Discontinuous Petrov-Galerkin (DPG) Method with Optimal Test Functions

Leszek Demkowicz <Ten adres pocztowy jest chroniony przed spamowaniem. Aby go zobaczyć, konieczne jest włączenie w przeglądarce obsługi JavaScript.>
Institute for Computational Engineering and Sciences (ICES)
University of Texas at Austin, USA
Progress Report

The success of the DPG method relies on two essential components: on fly computation of optimal test functions, and use of broken test spaces that makes this computation feasible. The method can also be interpreted as a minimum residual approach with the residual measured in a dual norm, or as a mixed problem where one solves simultaneously for (an accurate) representation of the residual [1]. A typical boundary-value problem admits many variational formulations and the DPG methodology can be applied to each of them [1,2]. The method has no preasymptotic behavior [5] and is ''adaptivity ready'' as it comes with a built-in a-posteriori residual error estimator.

On the negative side, similarly to standard DG methods, DPG doubles the number of interface variables, and requires more (than standard Galerkin) expensive element computations.

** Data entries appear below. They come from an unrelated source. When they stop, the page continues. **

(* Part (a): the alternating indicator of a cycle of [G] would be a feasible
   direction, yet it is 1 on the first edge, which the cycle uses only once. *)
Lemma vertex_acyclic : acyclic (assoc_edge x y).
Proof.
move=> [|a [|b [|r0 r]]] // c_uniq _; apply/negP => c_cycle.
have walk : path (assoc_edge x y) a [:: b, r0 & rcons r a] := c_cycle.
have [i [j ab_ij]] := joins_exists (assoc_bipartite (andP walk).1).
have zero := vertex_rigid vertex
  (closed_walk_direction s assoc_bipartite assoc_carries_flow walk (last_rcons _ _ _)).
move: c_uniq => /= /andP[a_notin /andP[b_notin _]].
have off_edge v w : v \in r0 :: r -> ~~ joins v w i j.
  move=> v_in; apply/negP => /(joins_endpoint ab_ij)[v_a|v_b].
    by move: a_notin; rewrite -v_a in_cons v_in orbT.
  by move: b_notin; rewrite -v_b v_in.
have := zero i j; rewrite /= ab_ij joinsC (negbTE (off_edge _ _ (mem_head _ _))).
rewrite alt_walk_vanish ?belast_rcons //.
by rewrite !subr0 => /eqP; rewrite oner_eq0.
Qed.

(* Part (b): two distinct facilities with spare capacity that are connected in
   [H] would allow shifting load between them along the connecting walk. *)
Lemma vertex_untight_slack_unique i1 i2 :
  \sum_j x i1 j < s%:R -> \sum_j x i2 j < s%:R ->
  connect (untight_edge s x) (inl i1) (inl i2) -> i1 = i2.
Proof.
move=> slack1 slack2 /connectP[p walk ends]; apply/eqP/contraT => i1_neq_i2.
have zero := vertex_rigid vertex (facility_walk_direction
  untight_bipartite untight_carries_flow walk (esym ends) slack1 slack2).
have := facility_walk_rowsum R i1 untight_bipartite walk (esym ends).
rewrite big1 => [|j _]; last exact: zero.
rewrite eqxx eq_sym (negbTE i1_neq_i2) subr0.
by move/eqP; rewrite eq_sym oner_eq0.
Qed.

End VertexStructure.

Section UntightCounting.
Variables (R : realFieldType) (F D : finType) (s : nat) (x : F -> D -> R).
Hypothesis x_ge0 : forall i j, 0 <= x i j.

Definition untight_facilities := [set i : F | untight_facility s x i].
Definition untight_pairs := [set p : F * D | 0 < x p.1 p.2 < s%:R].
Definition full_facilities :=
  [set i in untight_facilities | \sum_j x i j == s%:R].
Definition untight_clients i := [set j : D | 0 < x i j < s%:R].

Lemma card_untight_pairs : #|untight_pairs| = (\sum_i #|untight_clients i|)%N.
Proof.
under [in RHS]eq_bigr do rewrite -sum1_card big_mkcond.
by rewrite pair_bigA -sum1_card big_mkcond; apply: eq_bigr => -[i j] _; rewrite !inE.
Qed.

Lemma untight_pairs_facility p :
  p \in untight_pairs -> p.1 \in untight_facilities.
Proof. by rewrite !inE => untight; apply/existsP; exists p.2. Qed.

Lemma full_facilitiesS : full_facilities \subset untight_facilities.
Proof. by apply/subsetP => i; rewrite inE => /andP[]. Qed.

(* A facility of [H] used to full capacity has at least two edges in [H]:
   a single untight edge cannot carry the whole load [s]. *)
Lemma full_untight_clients i : i \in full_facilities -> (1 < #|untight_clients i|)%N.
Proof.
rewrite !inE => /andP[/existsP[j0 untight0] /eqP full].
have rest : \sum_(j | j != j0) x i j = s%:R - x i j0.
  by rewrite -full (bigD1 j0 isT) /=; ring.
have rest_neq0 : \sum_(j | j != j0) x i j != 0.
  by move: untight0 => /andP[_]; rewrite rest -subr_gt0 => /lt0r_neq0.
have [j1 /andP[j1_neq_j0 pos1]] : exists j1, (j1 != j0) && (0 < x i j1).
  by apply: psumr_neq0P (fun j _ => x_ge0 i j) _; apply/eqP.
have le1 : x i j1 <= s%:R - x i j0 by rewrite -rest (bigD1 j1) //= lerDl sumr_ge0.
apply/card_gt1P; exists j0, j1; rewrite !inE untight0 eq_sym j1_neq_j0 pos1.
by move: untight0 => /andP[pos0 _]; split=> //; lra.
Qed.

Lemma untight_degree_bound :
  (#|untight_facilities| + #|full_facilities| <= #|untight_pairs|)%N.
Proof.
rewrite card_untight_pairs -!sum1_card.
rewrite [X in (X + _)%N]big_mkcond [X in (_ + X)%N]big_mkcond -big_split /=.
apply: leq_sum => i _.
have [i_full|i_notfull] := boolP (i \in full_facilities).
  by rewrite (subsetP full_facilitiesS _ i_full) full_untight_clients.
case: ifP => //; rewrite inE => /existsP[j0 untight0].
by rewrite addn0 card_gt0; apply/set0Pn; exists j0; rewrite inE.
Qed.

End UntightCounting.

(* The arithmetic of part (c): with [u] facilities and [e] edges in [H], [f]
   of the facilities full and [t] telling whether [i0] is one of them. *)
Lemma counting_arith (u f f' e m : nat) (t : bool) :
  f = (t + f')%N -> (u + f <= e)%N -> (e <= m + f')%N -> (f <= u)%N ->
  (~~ t -> f < u)%N -> (0 < u)%N -> (u <= m)%N /\ (e <= (2 * m).-1)%N.
Proof.
move=> f_split degree rank f_le_u spare u_gt0; rewrite -subn1.
by case: t f_split spare => /= f_split; [|move/(_ isT)]; lia.
Qed.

I will report on the DPG related research in my group in the last two years. The work includes:

- applications of DPG methodology to space-time formulations [3,4],
- construction of preconditioners based on integration with adaptivity [5],
- applications to complex 3D problems [6],
- a solution methodology reducing a DPG problem to a discrete least squares problem, enabling reduction of condition number from 1/h2 to 1/h [7],
- an ultraweak DPG method for polygonal elements of arbitrary shape [8],
- goal-oriented adaptivity for the ultraweak DPG method [9].

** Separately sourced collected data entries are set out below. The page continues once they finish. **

Lemma shortest_walk H (T : V -> Prop) p f n :
  walk H p f n -> T (p n) ->
  exists q g m, q 0 = p 0 /\ T (q m) /\ walk H q g m /\
    (forall i, i < m -> ~ T (q i)) /\ (forall i j, i <= m -> j <= m -> q i = q j -> i = j).
Proof.
  intros Hw HT.
  destruct (dec_inh_nat_subset_has_unique_least_element
    (fun m => exists q g, q 0 = p 0 /\ T (q m) /\ walk H q g m) (fun m => classic _))
    as [m [[[q [g [Hq0 [HTm Hwm]]]] Hleast] _]]; [exists n, p, f; auto |].
  exists q, g, m. split; [exact Hq0 | split; [exact HTm | split; [exact Hwm | split]]].
  - intros i Hi HTi. enough (m <= i) by lia. apply Hleast.
    exists q, g. split; [exact Hq0 | split; [exact HTi | intros j Hj; apply Hwm; lia]].
  - (* a repeated vertex q a = q b would allow skipping the loop between them *)
    assert (Hloop : forall a b, a < b <= m -> q a <> q b).
    { intros a b Hab Hq. enough (m <= m - (b - a)) by lia. apply Hleast.
      exists (fun i => if i <=? a then q i else q (i + (b - a))),
             (fun i => if i <? a then g i else g (i + (b - a))).
      split; [exact Hq0 | split].
      - destruct (Nat.leb_spec (m - (b - a)) a).
        + replace (m - (b - a)) with a by lia. rewrite Hq. replace b with m by lia. exact HTm.
        + replace (m - (b - a) + (b - a)) with m by lia. exact HTm.
      - intros i Hi. destruct (Nat.ltb_spec i a).
        + destruct (Nat.leb_spec i a), (Nat.leb_spec (S i) a); try lia. apply Hwm. lia.
        + destruct (Nat.leb_spec i a), (Nat.leb_spec (S i) a); try lia.
          * replace i with a in * by lia. rewrite Hq.
            replace (S a + (b - a)) with (S b) by lia. replace (a + (b - a)) with b by lia.
            apply Hwm. lia.
          * apply (Hwm (i + (b - a))). lia. }
    intros i j Hi Hj Hij. destruct (Nat.lt_total i j) as [Hlt | [Heq | Hlt]]; [| exact Heq |].
    + exfalso. exact (Hloop i j ltac:(lia) Hij).
    + exfalso. exact (Hloop j i ltac:(lia) (eq_sym Hij)).
Qed.

Lemma cycle_orthogonal_separates D g x y :
  cycle_orthogonal D -> D g -> joins ends g x y -> ~ reach (fun h => ~ D h) x y.
Proof.
  intros HO Dg Hg Hxy.
  destruct (reach_walk g _ _ _ Hxy) as [p0 [f0 [n0 [Hp00 [Hpn0 Hw0]]]]].
  destruct (shortest_walk _ (fun z => z = y) p0 f0 n0 Hw0 Hpn0)
    as [p [f [n [Hp0 [Hpn [Hw [_ Hinj]]]]]]].
  rewrite Hp00 in Hp0.
  set (f' := fun i => if i =? n then g else f i).
  apply (HO (fun z => exists i, i < S n /\ f' i = z) g).
  - left. exists (S n), p, f'. split; [lia | split; [| split; [| split]]].
    + intros i j Hi Hj. apply Hinj; lia.
    + intros i j Hi Hj. unfold f'.
      destruct (Nat.eqb_spec i n), (Nat.eqb_spec j n); intro Hij; [lia | | |].
      * exfalso. apply (Hw j); [lia | rewrite <- Hij; exact Dg].
      * exfalso. apply (Hw i); [lia | rewrite Hij; exact Dg].
      * apply (walk_edges_injective _ p f n Hw Hinj); [lia | lia | exact Hij].
    + intros i Hi. unfold f'. destruct (Nat.eqb_spec i n) as [-> | Hin].
      * replace ((n + 1) mod S n) with 0 by (replace (n + 1) with (S n) by lia;
          symmetry; apply Nat.Div0.mod_same).
        rewrite Hpn, Hp0. apply joins_sym, Hg.
      * rewrite Nat.mod_small by lia. replace (i + 1) with (S i) by lia. apply Hw. lia.
    + reflexivity.
  - exists n. split; [lia | unfold f'; rewrite Nat.eqb_refl; reflexivity].
  - exact Dg.
  - intros z [i [Hi <-]] Dz. unfold f' in *. destruct (Nat.eqb_spec i n); [reflexivity |].
    exfalso. apply (Hw i); [lia | exact Dz].
Qed.

Lemma component_ray_from D x :
  cycle_orthogonal D -> has_ray_in ends (reach (fun h => ~ D h) x) ->
  exists r fr, r 0 = x /\ (forall i j, r i = r j -> i = j) /\
    forall i, ~ D (fr i) /\ joins ends (fr i) (r i) (r (S i)).
Proof.
  intros HO [v [Hv Hray]].
  destruct (choice (fun n g => joins ends g (v n) (v (S n))) (fun n => proj2 (Hray n)))
    as [fv Hfv].
  assert (HfvD : forall n, ~ D (fv n)).
  { intros n Dn. apply (cycle_orthogonal_separates D (fv n) (v n) (v (S n)) HO Dn (Hfv n)).
    apply (rt_trans _ _ _ x); [apply reach_sym |]; apply Hray. }
  destruct (reach_walk (fv 0) _ _ _ (proj1 (Hray 0))) as [p0 [f0 [n0 [Hp00 [Hpn0 Hw0]]]]].
  destruct (shortest_walk _ (fun z => exists k, v k = z) p0 f0 n0 Hw0
              (ex_intro _ 0 (eq_sym Hpn0)))
    as [p [f [n [Hp0 [[k Hk] [Hw [Hfirst Hinj]]]]]]].
  exists (fun i => if i <=? n then p i else v (k + (i - n))),
         (fun i => if i <? n then f i else fv (k + (i - n))).
  split; [simpl; congruence | split].
  - intros i j. destruct (Nat.leb_spec i n), (Nat.leb_spec j n); intro Hij.
    + apply Hinj; assumption.
    + destruct (Nat.eq_dec i n) as [-> | Hin].
      * rewrite <- Hk in Hij. apply Hv in Hij. lia.
      * exfalso. apply (Hfirst i); [lia | eauto].
    + destruct (Nat.eq_dec j n) as [-> | Hjn].
      * rewrite <- Hk in Hij. apply Hv in Hij. lia.
      * exfalso. apply (Hfirst j); [lia | eauto].
    + apply Hv in Hij. lia.
  - intro i. destruct (Nat.ltb_spec i n) as [Hin | Hin].
    + destruct (Nat.leb_spec i n), (Nat.leb_spec (S i) n); try lia. apply Hw, Hin.
    + split; [apply HfvD |]. destruct (Nat.leb_spec (S i) n); [lia |].
      replace (k + (S i - n)) with (S (k + (i - n))) by lia.
      destruct (Nat.leb_spec i n).
      * replace i with n by lia. rewrite Nat.sub_diag, Nat.add_0_r, <- Hk. apply Hfv.
      * apply Hfv.
Qed.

[1] L. Demkowicz and J. Gopalakrishnan, Discontinuous Petrov-Galerkin (DPG) Method, Encyclopedia of Computational Mechanics, Second Edition, in print, see also ICES Report 2015/20.

[2] C. Carstensen, L. Demkowicz and J. Gopalakrishnan, Breaking Spaces and Forms for the DPG Method and Applications Including Maxwell Equations, Comput. Math. Appl. 72(3): 494-522, 2016.

[3] T. Ellis, J. Chan and L. Demkowicz, Robust DPG Methods for Transient Convection-Diffusion, in Building Bridges: Connections and Challenges in Modern Approaches to Numerical Partial Differential Equations, Eds. G.R. Barrenechea et al., Lecture Notes in Computational Science and Engineering 114, Spinger, 2016.

[4] L. Demkowicz, J. Gopalakrishnan, S. Nagaraj and P. Sepulveda, A Spacetime DPG Method for the Schrodinger Equation, SIAM J. of Num Anal. accepted, see also ICES Report, 2016/9.

[5] S. Petrides and L. Demkowicz, An Adaptive DPG Method for High Frequency Time-harmonic Wave Propagation Problems, in review, ICES Report 2016/20.

[6] F. Fuentes, L. Demkowicz and A. Wilder, Using a DPG Method to Validate DMA Experimental Calibration of Viscoelastic Materials, in review, see also ICES Report 2017/6.

[7] B. Keith, S. Petrides, F. Fuentes and L. Demkowicz, Discrete Least-squares Finite Element Methods, ICES Report 2017.

[8] A. Vaziri, J. Mora Paz, F. Fuentes and L. Demkowicz, High-Order Polygonal Finite Elements Using Discontinuous Petrov-Galerkin (DPG) Method, ICES Report 2017.

[9] B. Keith, A. Vaziri and L. Demkowicz, Goal-oriented Error Estimation and Adaptive Mesh Refinement in Ultraweak Formulations with the DPG Methodology, ICES Report.